I’m a samurai packer, and it still takes me 30 percent longer than I anticipate to finally zip my suitcase the night before departure. Another truth of travel is when I set my alarm for 4:05 a.m., my body will wake up every hour, on the hour, then it will take me 50 minutes to fall back asleep. For 10 minutes, I will panic dream that I have missed my alarm, then I will wake up again, just on queue.

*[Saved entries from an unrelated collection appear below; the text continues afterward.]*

(* Let $G$ be a finite group and let $S$ be a partial rainbow on $G$. Then $S$ is a minimal generating set of the transfer system $\langle S\rangle$.
   Context: For a finite group $G$, an arrow is a pair $(K,H)$ of subgroups with $K\leqslant H$; it is an identity arrow if $K=H$. A $G$-transfer system is a set of arrows containing all identity arrows and closed under composition ($(A,B),(B,C)\Rightarrow(A,C)$), conjugation ($(A,B)\Rightarrow(gAg^{-1},gBg^{-1})$ for $g\in G$) and restriction ($(A,B)$ and $L\leqslant B\Rightarrow(A\cap L,L)$). For a set $S$ of non-identity arrows, $\langle S\rangle$ is the smallest transfer system containing $S$; $S$ is a minimal generating set of a transfer system $\mathsf{T}$ if $\langle S\rangle=\mathsf{T}$ and $\langle S\setminus\{s\}\rangle\neq\mathsf{T}$ for all $s\in S$. For a subgroup $K$, $P(K)$ denotes the sum of the exponents in the prime factorization of $|K|$. A rainbow on $\mathbb{N}$ is a finite set of pairs $\{(a_i,b_i)\}_{0\leqslant i\leqslant k}$ of natural numbers such that $i<j$ implies $a_i<a_j<b_j<b_i$. A partial rainbow on $G$ is a set $S$ of non-identity arrows such that (1) the set $\{(P(K),P(H)) : (K,H)\in S\}$ is a rainbow, and (2) for any $g\in G$ and $(K,H)\in S$, if $(gKg^{-1},gHg^{-1})\neq(K,H)$ then $(gKg^{-1},gHg^{-1})\notin S$. *)

From mathcomp Require Import all_boot all_fingroup.
Set Implicit Arguments. Unset Strict Implicit. Unset Printing Implicit Defensive.
Local Open Scope group_scope.

(* An arrow (K, H) of subgroups of gT (components: a.1 = K, a.2 = H). *)
Notation arrow gT := ({group gT} * {group gT})%type.

Definition is_arrow (gT : finGroupType) (G : {group gT}) (a : arrow gT) : bool :=
  (a.1 \subset a.2) && (a.2 \subset G).

Definition conj_arrow (gT : finGroupType) (a : arrow gT) (g : gT) : arrow gT :=
  ((a.1 :^ g)%G, (a.2 :^ g)%G).

Definition transfer_system (gT : finGroupType) (G : {group gT})
    (T : {set arrow gT}) : bool :=
  [&& [forall a in T, is_arrow G a],
      [forall H : {group gT}, (H \subset G) ==> ((H, H) \in T)],
      [forall a in T, forall b in T, (a.2 == b.1) ==> ((a.1, b.2) \in T)],
      [forall a in T, forall g in G, conj_arrow a g \in T] &
      [forall a in T, forall L : {group gT},
          (L \subset a.2) ==> (((a.1 :&: L)%G, L) \in T)]].

Definition gen_ts (gT : finGroupType) (G : {group gT}) (S : {set arrow gT})
    : {set arrow gT} :=
  [set a | [forall T : {set arrow gT},
              (transfer_system G T && (S \subset T)) ==> (a \in T)]].

Definition minimal_generating_set (gT : finGroupType) (G : {group gT})
    (S T : {set arrow gT}) : Prop :=
  [/\ forall a, a \in S -> is_arrow G a /\ a.1 != a.2,
      gen_ts G S = T &
      forall s, s \in S -> gen_ts G (S :\ s) != T].

Definition Pexp (gT : finGroupType) (K : {set gT}) : nat :=
  \sum_(p <- primes #|K|) logn p #|K|.

Definition rainbow (R : nat * nat -> Prop) : Prop :=
  exists s : seq (nat * nat),
    [/\ 0 < size s,
        forall p, R p <-> p \in s &
        forall i j, i < j < size s ->
          let: (ai, bi) := nth (0, 0) s i in
          let: (aj, bj) := nth (0, 0) s j in
          [/\ ai < aj, aj < bj & bj < bi]].

Definition partial_rainbow (gT : finGroupType) (G : {group gT})
    (S : {set arrow gT}) : Prop :=
  [/\ forall a, a \in S -> is_arrow G a /\ a.1 != a.2,
      rainbow (fun p => exists2 a, a \in S & p = (Pexp a.1, Pexp a.2)) &
      forall g a, g \in G -> a \in S -> conj_arrow a g != a ->
        conj_arrow a g \notin S].

From mathcomp Require Import all_boot all_fingroup.
Set Implicit Arguments. Unset Strict Implicit. Unset Printing Implicit Defensive.
Local Open Scope group_scope.

(* If [s] were generated by the other arrows of [S], then [s = (K, H)] would
   be a composite of restrictions of conjugates of those arrows, and its last
   step would restrict a conjugate [(X, Y)] of some [x] in [S] with [K <= X]
   and [H <= Y].  Then [P] is at least as large on both ends of [x] as on
   those of [s]; in a rainbow this forces equal values of [P], hence
   [(X, Y) = (K, H)], so [s] is a conjugate of another element of [S],
   which a partial rainbow forbids. *)

Lemma homo_connect (T : finType) (e : rel T) (f : T -> T) :
  {homo f : x y / e x y} -> {homo f : x y / connect e x y}.
Proof.
move=> fe x _ /connectP[p xp ->]; apply/connectP.
by exists (map f p); [exact: (homo_path (e' := e) fe xp) | rewrite last_map].
Qed.

Lemma connect_subrel_preorder (T : finType) (e r : rel T) :
  reflexive r -> transitive r -> subrel e r -> subrel (connect e) r.
Proof.
move=> r_refl r_trans er x _ /connectP[p xp ->].
elim: p x xp => [|y p IHp] x //=.
by case/andP=> /er xy /IHp; apply: r_trans.
Qed.

Lemma connect_lastP (T : finType) (e : rel T) x y :
  connect e x y -> x = y \/ exists2 z, connect e x z & e z y.
Proof.
case/connectP=> p; case/lastP: p => [|p z] /=; first by left.
rewrite rcons_path last_rcons => /andP[xp pz] ->; right.
by exists (last x p) => //; apply/connectP; exists p.
Qed.

Definition bigomega (n : nat) : nat := \sum_(p <- primes n) logn p n.

Lemma bigomega_seq (r : seq nat) n :
  uniq r -> {subset primes n <= r} -> \sum_(p <- r) logn p n = bigomega n.
Proof.
move=> r_uniq sub_nr; rewrite (bigID (mem (primes n))) /=.
rewrite [X in _ + X]big1 ?addn0 => [|p]; last first.
  by rewrite -logn_gt0 lt0n negbK => /eqP.
rewrite -big_filter; apply: perm_big; apply: uniq_perm.
- exact: filter_uniq.
- exact: primes_uniq.
by move=> p; rewrite mem_filter andb_idr //; apply: sub_nr.
Qed.

Lemma bigomegaM m n : 0 < m -> 0 < n ->
  bigomega (m * n) = bigomega m + bigomega n.
Proof.
move=> m_gt0 n_gt0; rewrite /bigomega.
under eq_bigr do rewrite lognM //; rewrite big_split /=.
by congr (_ + _); apply: bigomega_seq (primes_uniq _) _ => p;
  rewrite primesM // => ->; rewrite ?orbT.
Qed.

Lemma bigomega_eq0 n : (bigomega n == 0) = (n < 2).
Proof.
rewrite /bigomega sum_nat_seq_eq0 -primes_eq0.
case def_n: (primes n) => [|p r] //=.
have : 0 < logn p n by rewrite logn_gt0 def_n mem_head.
by rewrite lt0n => /negbTE->.
Qed.

Section SubgroupLength.
Variable gT : finGroupType.

Lemma PexpJ (A : {set gT}) g : Pexp (A :^ g) = Pexp A.
Proof. by rewrite /Pexp cardJg. Qed.

Lemma Pexp_indexg (H K : {group gT}) :
  H \subset K -> Pexp K = Pexp H + bigomega #|K : H|.
Proof.
move=> sHK; rewrite -bigomegaM ?cardG_gt0 ?indexg_gt0 //.
by rewrite (Lagrange sHK).
Qed.

Lemma Pexp_subset (H K : {group gT}) : H \subset K -> Pexp H <= Pexp K.
Proof. by move/Pexp_indexg->; rewrite leq_addr. Qed.

Lemma Pexp_subset_eq (H K : {group gT}) :
  H \subset K -> Pexp K <= Pexp H -> H :=: K.
Proof.
move=> sHK; rewrite (Pexp_indexg sHK) -[X in _ <= X]addn0 leq_add2l leqn0.
rewrite bigomega_eq0 ltnS => le_index_1; apply: index1g => //.
by apply/eqP; rewrite eqn_leq le_index_1 indexg_gt0.
Qed.

End SubgroupLength.

Lemma rainbow_le_eq (R : nat * nat -> Prop) p q :
  rainbow R -> R p -> R q -> p.1 <= q.1 -> p.2 <= q.2 -> p = q.
Proof.
case: p q => a b [c d] [s [_ memR nested]] /memR ps /memR qs /= le_ac le_bd.
have [ip jq] := (nth_index (0, 0) ps, nth_index (0, 0) qs).
set i := index (a, b) s in ip *; set j := index (c, d) s in jq *.
have [i_lt j_lt] : i < size s /\ j < size s by rewrite !index_mem.
case: (ltngtP i j) => [lt_ij|lt_ji|eq_ij]; last by rewrite -ip eq_ij jq.
- have := nested i j; rewrite lt_ij j_lt ip jq => /(_ isT) [_ _].
  by rewrite ltnNge le_bd.
- have := nested j i; rewrite lt_ji i_lt ip jq => /(_ isT) [].
  by rewrite ltnNge le_ac.
Qed.

Section GeneratedTransferSystem.
Variables (gT : finGroupType) (G : {group gT}) (S : {set arrow gT}).

Lemma mem_gen_ts : S \subset gen_ts G S.
Proof.
apply/subsetP=> a aS; rewrite inE; apply/forallP=> T.
by apply/implyP=> /andP[_ /subsetP]; apply.
Qed.

Lemma gen_ts_min T : transfer_system G T -> S \subset T -> gen_ts G S \subset T.
Proof.
move=> tsT sST; apply/subsetP=> a; rewrite inE => /forallP/(_ T).
by rewrite tsT sST.
Qed.

Definition conj_res_step : rel {group gT} := fun A B =>
  [exists x in S, exists g in G,
     (B \subset x.2 :^ g) && (A == x.1 :^ g :&: B :> {set gT})].

Definition res_chains : {set arrow gT} :=
  [set a : arrow gT | (a.2 \subset G) && connect conj_res_step a.1 a.2].

Lemma conj_res_chain_sub A B : connect conj_res_step A B -> A \subset B.
Proof.
apply: (@connect_subrel_preorder _ _ [rel A B : {group gT} | A \subset B]).
- exact: subxx.
- by move=> ? ? ?; apply: subset_trans.
move=> {}A {}B /existsP[x /andP[_ /existsP[g /and3P[_ _ /eqP defA]]]].
by rewrite /= defA subsetIr.
Qed.

Lemma conj_res_stepJ g : g \in G ->
  {homo (fun A : {group gT} => (A :^ g)%G) : A B / conj_res_step A B}.
Proof.
move=> gG A B /existsP[x /andP[xS /existsP[h /and3P[hG sBx /eqP defA]]]].
apply/existsP; exists x; rewrite xS; apply/existsP; exists (h * g).
by rewrite groupM //= !conjsgM conjSg sBx defA conjIg eqxx.
Qed.

Lemma conj_res_stepI (L : {group gT}) :
  {homo (fun A : {group gT} => (A :&: L)%G) : A B / conj_res_step A B}.
Proof.
move=> A B /existsP[x /andP[xS /existsP[g /and3P[gG sBx /eqP defA]]]].
apply/existsP; exists x; rewrite xS; apply/existsP; exists g.
by rewrite gG /= (subset_trans (subsetIl _ _) sBx) defA setIA eqxx.
Qed.

Lemma res_chains_transfer_system : transfer_system G res_chains.
Proof.
apply/and5P; split.
- apply/forallP=> a; apply/implyP; rewrite inE => /andP[a2G chain_a].
  by rewrite /is_arrow a2G andbT conj_res_chain_sub.
- by apply/forallP=> H; apply/implyP=> sHG; rewrite inE sHG connect0.
- apply/forallP=> a; apply/implyP; rewrite inE => /andP[_ chain_a].
  apply/forallP=> b; apply/implyP; rewrite inE => /andP[b2G chain_b].
  apply/implyP=> /eqP a2b1; rewrite inE b2G /=.
  by apply: connect_trans chain_a _; rewrite a2b1.
- apply/forallP=> a; apply/implyP; rewrite inE => /andP[a2G chain_a].
  apply/forallP=> g; apply/implyP=> gG; rewrite inE /=.
  rewrite -(conjGid gG) conjSg a2G.
  exact: homo_connect (conj_res_stepJ gG) _ _ chain_a.
- apply/forallP=> a; apply/implyP; rewrite inE => /andP[a2G chain_a].
  apply/forallP=> L; apply/implyP=> sLa2; rewrite inE (subset_trans sLa2) //=.
  have /= := homo_connect (conj_res_stepI L) chain_a.
  by congr (connect _ _); apply: val_inj; apply/setIidPr.
Qed.

Lemma sub_res_chains : {in S, forall a, is_arrow G a} -> S \subset res_chains.
Proof.
move=> arrS; apply/subsetP=> a aS; have /andP[sa a2G] := arrS a aS.
rewrite inE a2G; apply: connect1; apply/existsP; exists a; rewrite aS.
apply/existsP; exists 1; rewrite group1 !conjsg1 subxx eq_sym /=.
exact/eqP/setIidPl.
Qed.

Lemma gen_ts_sub_res_chains :
  {in S, forall a, is_arrow G a} -> gen_ts G S \subset res_chains.
Proof.
move=> arrS.
exact: gen_ts_min res_chains_transfer_system (sub_res_chains arrS).
Qed.

End GeneratedTransferSystem.

Section PartialRainbow.
Variables (gT : finGroupType) (G : {group gT}) (S : {set arrow gT}).
Hypothesis rbS : partial_rainbow G S.

Lemma partial_rainbow_conj_cover s x g : s \in S -> x \in S -> g \in G ->
  s.1 \subset x.1 :^ g -> s.2 \subset x.2 :^ g -> x = s.
Proof.
case: rbS => _ rb conjS sS xS gG sub1 sub2.
have PexpJ_le (y z : {group gT}) : z \subset y :^ g -> Pexp z <= Pexp y.
  by move=> szy; rewrite -(PexpJ y g) (Pexp_subset (K := (y :^ g)%G)).
have [eP1 eP2] : Pexp s.1 = Pexp x.1 /\ Pexp s.2 = Pexp x.2.
  apply/pair_equal_spec/(rainbow_le_eq rb); first by exists s.
  - by exists x.
  - exact: PexpJ_le sub1.
  - exact: PexpJ_le sub2.
have conjE (y z : {group gT}) :
    z \subset y :^ g -> Pexp y <= Pexp z -> (y :^ g)%G = z.
  move=> szy le_yz; apply/val_inj/esym/(Pexp_subset_eq szy).
  by rewrite /= PexpJ.
have xg_s : conj_arrow x g = s.
  rewrite /conj_arrow (conjE _ _ sub1) ?eP1 // (conjE _ _ sub2) ?eP2 //.
  by rewrite -surjective_pairing.
have [xg_x|] := eqVneq (conj_arrow x g) x; first by rewrite -xg_x.
by move/(conjS g x gG xS); rewrite xg_s sS.
Qed.

Lemma partial_rainbow_no_res_step s (A : {group gT}) :
  s \in S -> s.1 \subset A -> ~~ conj_res_step G (S :\ s) A s.2.
Proof.
move=> sS sA; apply/existsP=> -[x /andP[/setD1P[xs xS] /existsP[g]]].
case/and3P=> gG sub2 /eqP defA.
have sub1 : s.1 \subset x.1 :^ g.
  by apply: subset_trans (subsetIl _ s.2); rewrite -defA.
by move: xs; rewrite (partial_rainbow_conj_cover sS xS gG sub1 sub2) eqxx.
Qed.

End PartialRainbow.

Theorem proposition3p3 (gT : finGroupType) (G : {group gT})
    (S : {set ({group gT} * {group gT})}) :
  partial_rainbow G S -> minimal_generating_set G S (gen_ts G S).
Proof.
move=> rbS; have [arrS _ _] := rbS; split=> // s sS; apply/eqP=> gen_eq.
have arrSs : {in S :\ s, forall a, is_arrow G a}.
  by move=> a /setD1P[_ /arrS[]].
have : s \in res_chains G (S :\ s).
  apply: (subsetP (gen_ts_sub_res_chains arrSs)).
  by rewrite gen_eq (subsetP (mem_gen_ts _ _)).
rewrite inE => /andP[_ /connect_lastP[s12|[A chain_sA step_As2]]].
  by have [_] := arrS s sS; rewrite s12 eqxx.
by have := partial_rainbow_no_res_step rbS sS (conj_res_chain_sub chain_sA);
  rewrite step_As2.
Qed.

Recently, I was driving from Santa Cruz to Los Angeles after a week of Thanksgiving festivities. It’s a six-hour drive, and there was no real reason I had to set my alarm for 4:05 a.m., no big meeting I had to attend or movie star that got stuck in a tree and needed coaxing down. I just set my alarm at 4:05 a.m. for the masochistic flogging. I stopped at a Starbucks in Paso Robles, Santa Barbara, and some sad, grey complex along the 405. By the time I arrived home, I was thoroughly tweaked out from the coffee and three straight Sam Harris podcasts, where he spoke in great detail about the ethical implications of pushing an obese man into a trolly car.

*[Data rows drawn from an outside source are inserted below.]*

(* Let $G$ be a finite simple graph on the vertex set $[n]$ and let $A$ be a minimal cut set of $G$. Then $A \in \mathcal{C}(G)$. Moreover, if $G$ is a generalized block graph, then for every $T \in \mathcal{C}(G)$, either $A \subseteq T$ or $A \cap T = \emptyset$.
   Context: For $T \subseteq [n]$ let $\overline{T} = [n]\setminus T$, let $G[\overline{T}]$ be the induced subgraph on $\overline{T}$, let $c_G(T)$ be the number of connected components of $G[\overline{T}]$, and let $c_G$ be the number of connected components of $G$. A subset $T \subset [n]$ is a cut set of $G$ if $c_G(T) > c_G$; a minimal cut set is a cut set minimal under inclusion. A vertex $v$ is a cut vertex of a graph $H$ if removing $v$ increases the number of connected components. $T$ has the cut point property if for each $i \in T$, $i$ is a cut vertex of $G[\overline{T}\cup\{i\}]$; $\mathcal{C}(G) = \{\emptyset\} \cup \{T : T \text{ has the cut point property}\}$. The clique complex $\Delta(G)$ is the simplicial complex whose facets are the maximal cliques of $G$. A chordal graph $G$ is a generalized block graph if whenever $F_i, F_j, F_k$ are facets of $\Delta(G)$ with $F_i \cap F_j \cap F_k \neq \emptyset$, then $F_i \cap F_j = F_i \cap F_k = F_j \cap F_k$. *)

From mathcomp Require Import all_boot.
Set Implicit Arguments. Unset Strict Implicit. Unset Printing Implicit Defensive.

Definition simple_graph (n : nat) (e : rel 'I_n) : Prop :=
  symmetric e /\ irreflexive e.

Section Graphs.
Variables (n : nat) (e : rel 'I_n).

Definition induced_rel (S : {set 'I_n}) : rel 'I_n :=
  fun x y => [&& e x y, x \in S & y \in S].

Definition comp_of (S : {set 'I_n}) (x : 'I_n) : {set 'I_n} :=
  [set y in S | connect (induced_rel S) x y].

Definition ncomp (S : {set 'I_n}) : nat :=
  #|[set comp_of S x | x in S]|.

Definition cG (T : {set 'I_n}) : nat := ncomp (~: T).
Definition cG0 : nat := ncomp setT.

Definition cut_set (T : {set 'I_n}) : bool := cG0 < cG T.

Definition minimal_cut_set (T : {set 'I_n}) : bool := minset cut_set T.

Definition cut_vertex (S : {set 'I_n}) (v : 'I_n) : bool :=
  (v \in S) && (ncomp S < ncomp (S :\ v)).

Definition cut_point_property (T : {set 'I_n}) : bool :=
  [forall i in T, cut_vertex (i |: ~: T) i].

Definition cut_point_sets (T : {set 'I_n}) : bool :=
  (T == set0) || cut_point_property T.

Definition clique (K : {set 'I_n}) : bool :=
  [forall x in K, forall y in K, (x != y) ==> e x y].

Definition facet (F : {set 'I_n}) : bool := maxset clique F.

(* chordal: every cycle of length >= 4 (on distinct vertices) has a chord,
   i.e. an edge between two vertices that are not consecutive on the cycle *)
Definition chordal : Prop :=
  forall (x : 'I_n) (p : seq 'I_n), let s := x :: p in
    uniq s -> 4 <= size s -> cycle e s ->
    exists i j : nat, [/\ i < j, j < size s, j != i.+1,
      ~~ ((i == 0) && (j == (size s).-1)) & e (nth x s i) (nth x s j)].

Definition generalized_block_graph : Prop :=
  chordal /\
  forall Fi Fj Fk : {set 'I_n}, facet Fi -> facet Fj -> facet Fk ->
    Fi != Fj -> Fi != Fk -> Fj != Fk ->
    Fi :&: Fj :&: Fk != set0 ->
    Fi :&: Fj = Fi :&: Fk /\ Fi :&: Fk = Fj :&: Fk.

End Graphs.

From mathcomp Require Import all_boot zify.
Set Implicit Arguments. Unset Strict Implicit. Unset Printing Implicit Defensive.

(* Removing i from a minimal cut set A gives a non-cut set, so adding i back to
   G - A merges components: i is a cut vertex of G[~A + i].
   A minimal cut set A has two full components C1, C2 of G - A (every vertex
   of A has neighbours in both).  In a chordal graph, shortest paths through
   C1 and C2 would otherwise close up to chordless cycles of length at least
   4; hence A is a clique and any two i, j in A have common neighbours z in C1
   and w in C2.  As z and w are non-adjacent, the facets containing {i,j,z}
   and {i,j,w} differ.  Now let i be in A and T, and j in A but not in T,
   where T has the cut point property: i has a neighbour x in G - T that is
   not connected to j there.  A facet containing {i,x} meets the two previous
   facets in i, so the block graph condition puts j into it, whence x = j or
   x ~ j, a contradiction. *)

Section ImsetFactor.
Variables (aT rT rT' : finType) (X : {set aT}) (f : aT -> rT) (g : aT -> rT').
Hypothesis f_of_g : {in X &, forall x y, g x = g y -> f x = f y}.

Lemma imset_factor x0 : x0 \in X ->
  exists2 h : rT' -> rT, {in X, forall x, f x = h (g x)} & f @: X = h @: (g @: X).
Proof.
move=> Xx0; set h := fun c => f (odflt x0 [pick x in X | g x == c]).
have fh : {in X, forall x, f x = h (g x)}.
  move=> x Xx; rewrite /h; case: pickP => [y /andP[Xy /eqP gyx] | /(_ x)].
    exact: f_of_g Xx Xy (esym gyx).
  by rewrite Xx eqxx.
by exists h; rewrite // -imset_comp; apply: eq_in_imset.
Qed.

Lemma leq_card_imset_factor : #|f @: X| <= #|g @: X|.
Proof.
case: (set_0Vmem X) => [X0 | [x0 /imset_factor [h _ ->]]].
  by rewrite X0 !imset0 !cards0.
exact: leq_imset_card.
Qed.

Lemma ltn_card_imset_factor x y : x \in X -> y \in X ->
  f x = f y -> g x != g y -> #|f @: X| < #|g @: X|.
Proof.
move=> Xx Xy fxy; have [h fh ->] := imset_factor Xx.
rewrite ltn_neqAle leq_imset_card andbT.
apply: contra => /imset_injP inj; apply/eqP/inj; rewrite ?imset_f //.
by rewrite -fh // -fh.
Qed.

End ImsetFactor.

Lemma not_uniq_split (T : eqType) (s : seq T) :
  ~~ uniq s -> exists s1 x s2 s3, s = s1 ++ x :: s2 ++ x :: s3.
Proof.
elim: s => //= y s IH; rewrite negb_and negbK.
case/orP => [/splitPr [s2 s3] | /IH [s1 [x [s2 [s3 ->]]]]].
  by exists [::], y, s2, s3.
by exists (y :: s1), x, s2, s3.
Qed.

Lemma mem_behead_neq (T : eqType) x (s : seq T) y :
  y \in s -> y != head x s -> y \in behead s.
Proof. by case: s => //= z s; rewrite in_cons => /predU1P[-> | //]; rewrite eqxx. Qed.

Section ShortestPaths.
Variables (T : finType) (e : rel T).
Implicit Types (C : {set T}) (a b x y z : T) (s p q : seq T).

Lemma path_catr x s1 y s2 : path e x (s1 ++ y :: s2) -> path e y s2.
Proof. by rewrite cat_path /= => /and3P[]. Qed.

Fixpoint chordless (s : seq T) : bool :=
  if s is x :: s' then all (fun y => ~~ e x y) (behead s') && chordless s' else true.

Lemma chordless_cat s1 x s2 :
  chordless (s1 ++ x :: s2) =
  [&& chordless (rcons s1 x), chordless (x :: s2)
    & all (fun u => all (fun v => ~~ e u v) s2) s1].
Proof.
elim: s1 => [|u s1 IH]; first by rewrite /= andbT.
rewrite cat_cons [LHS]/= IH rcons_cons [chordless (u :: _)]/=.
case: s1 {IH} => [|v s1] /=; first by rewrite !andbT andbC.
rewrite all_cat all_rcons /=.
by case: (all _ s1) (~~ e u x) (all _ s2) => [] [] []; rewrite /= ?andbF.
Qed.

Lemma chordless_rcons s x : chordless (rcons s x) -> chordless s.
Proof. by case/lastP: s => // s y; rewrite -cats1 cat_rcons chordless_cat => /andP[]. Qed.

Lemma chordless_nth x0 s i j :
  chordless s -> i.+1 < j -> j < size s -> ~~ e (nth x0 s i) (nth x0 s j).
Proof.
elim: s i j => [|x s IH] i j //= /andP[x_s cs]; case: i => [|i] ij js; last first.
  by case: j ij js => [|j] //= ij js; apply: IH.
case: j ij js => [|[|j]] // _ js; case: s js {IH cs} x_s => //= y s js x_s.
by apply: (allP x_s); apply: mem_nth.
Qed.

Lemma not_chordless s : ~~ chordless s ->
  exists s1 x s2 z s3, [/\ s = s1 ++ x :: s2 ++ z :: s3, s2 != [::] & e x z].
Proof.
elim: s => //= x s IH; rewrite negb_and.
case/orP => [/allPn [z z_s /negPn exz] | /IH [s1 [y [s2 [z [s3 [-> s2n eyz]]]]]]].
  case: s {IH} z_s => //= y s /splitPr [s2 s3].
  by exists [::], x, (y :: s2), z, s3.
by exists (x :: s1), y, s2, z, s3.
Qed.

Lemma chordless_rcons_nonadj s x y z :
  chordless (rcons s z) -> y \in s -> y != last x s -> ~~ e y z.
Proof.
case/lastP: s => [|s w] //; rewrite last_rcons mem_rcons inE => cs.
case/orP => [/eqP -> | ys _]; first by rewrite eqxx.
move: cs; rewrite -cats1 cat_rcons chordless_cat => /and3P[_ _ /allP /(_ y ys)].
by rewrite /= andbT.
Qed.

Definition path_via C a b p :=
  [&& p != [::], all [in C] p & path e a (rcons p b)].

Lemma path_via_cut C a b q s1 x s2 s3 :
  path_via C a b q -> rcons q b = s1 ++ x :: s2 ++ s3 ->
  s2 != [::] -> s3 != [::] -> path e x s3 ->
  exists2 q', path_via C a b q' & size q' < size q.
Proof.
case/and3P => _ qC a_q; case/lastP: s3 => [|s3 y] // Eq s2n _ x_s3.
have [Eq' Eb] : q = s1 ++ x :: s2 ++ s3 /\ b = y.
  by move: Eq; rewrite -rcons_cat -rcons_cons -rcons_cat => /rcons_inj [].
exists (s1 ++ x :: s3); last first.
  rewrite Eq' !size_cat /= size_cat ltn_add2l ltnS -{1}[size s3]add0n ltn_add2r.
  by rewrite lt0n size_eq0.
apply/and3P; split; first by case: (s1).
  apply/allP => z z_in; apply: (allP qC); move: z_in.
  by rewrite Eq' !mem_cat !inE mem_cat => /or3P [-> | -> | ->]; rewrite ?orbT.
move: a_q; rewrite Eq Eb !rcons_cat rcons_cons !cat_path /= => /and3P[-> -> _].
by rewrite x_s3.
Qed.

Lemma path_via_uniq C a b q : a \notin C -> b \notin C -> a != b ->
  path_via C a b q -> uniq q -> uniq (a :: rcons q b).
Proof.
move=> aC bC ab /and3P[_ qC _] uq.
have notq c : c \notin C -> c \notin q by apply: contra => /(allP qC).
by rewrite /= mem_rcons inE negb_or ab !notq // rcons_uniq notq.
Qed.

Lemma path_via_min C a b p : path_via C a b p ->
  exists2 q, path_via C a b q & forall q', path_via C a b q' -> size q <= size q'.
Proof.
move=> vp; have ex_m : exists m, [exists t : m.-tuple T, path_via C a b t].
  by exists (size p); apply/existsP; exists (in_tuple p).
case: (ex_minnP ex_m) => m /existsP [t vt] min_m; exists (val t) => // q' vq'.
by rewrite size_tuple; apply: min_m; apply/existsP; exists (in_tuple q').
Qed.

When I stepped through my door and saw my wilted Bird of Paradise, I realized everyone hates me. Also, the first draft of my book, which is nearly finished, is complete donkey shit. The only logical next step is to print out the manuscript, drive to San Fransisco, where trolly cars still run, and tell the obese man to step aside as I hurl myself into the breakaway trolly, manuscript clutched to my chest. My attempt would fail, naturally, and the trolly would barrel down the hill into the Embarcadero. The six bystanders would easily step out of the way, and my blood-soaked manuscript would blow away in the wind and be used as a nest for pigeons.
Then I took a 20-minute nap, opened my eyes, and realized something important: I don’t own a Bird of Paradise. I own a Monstera.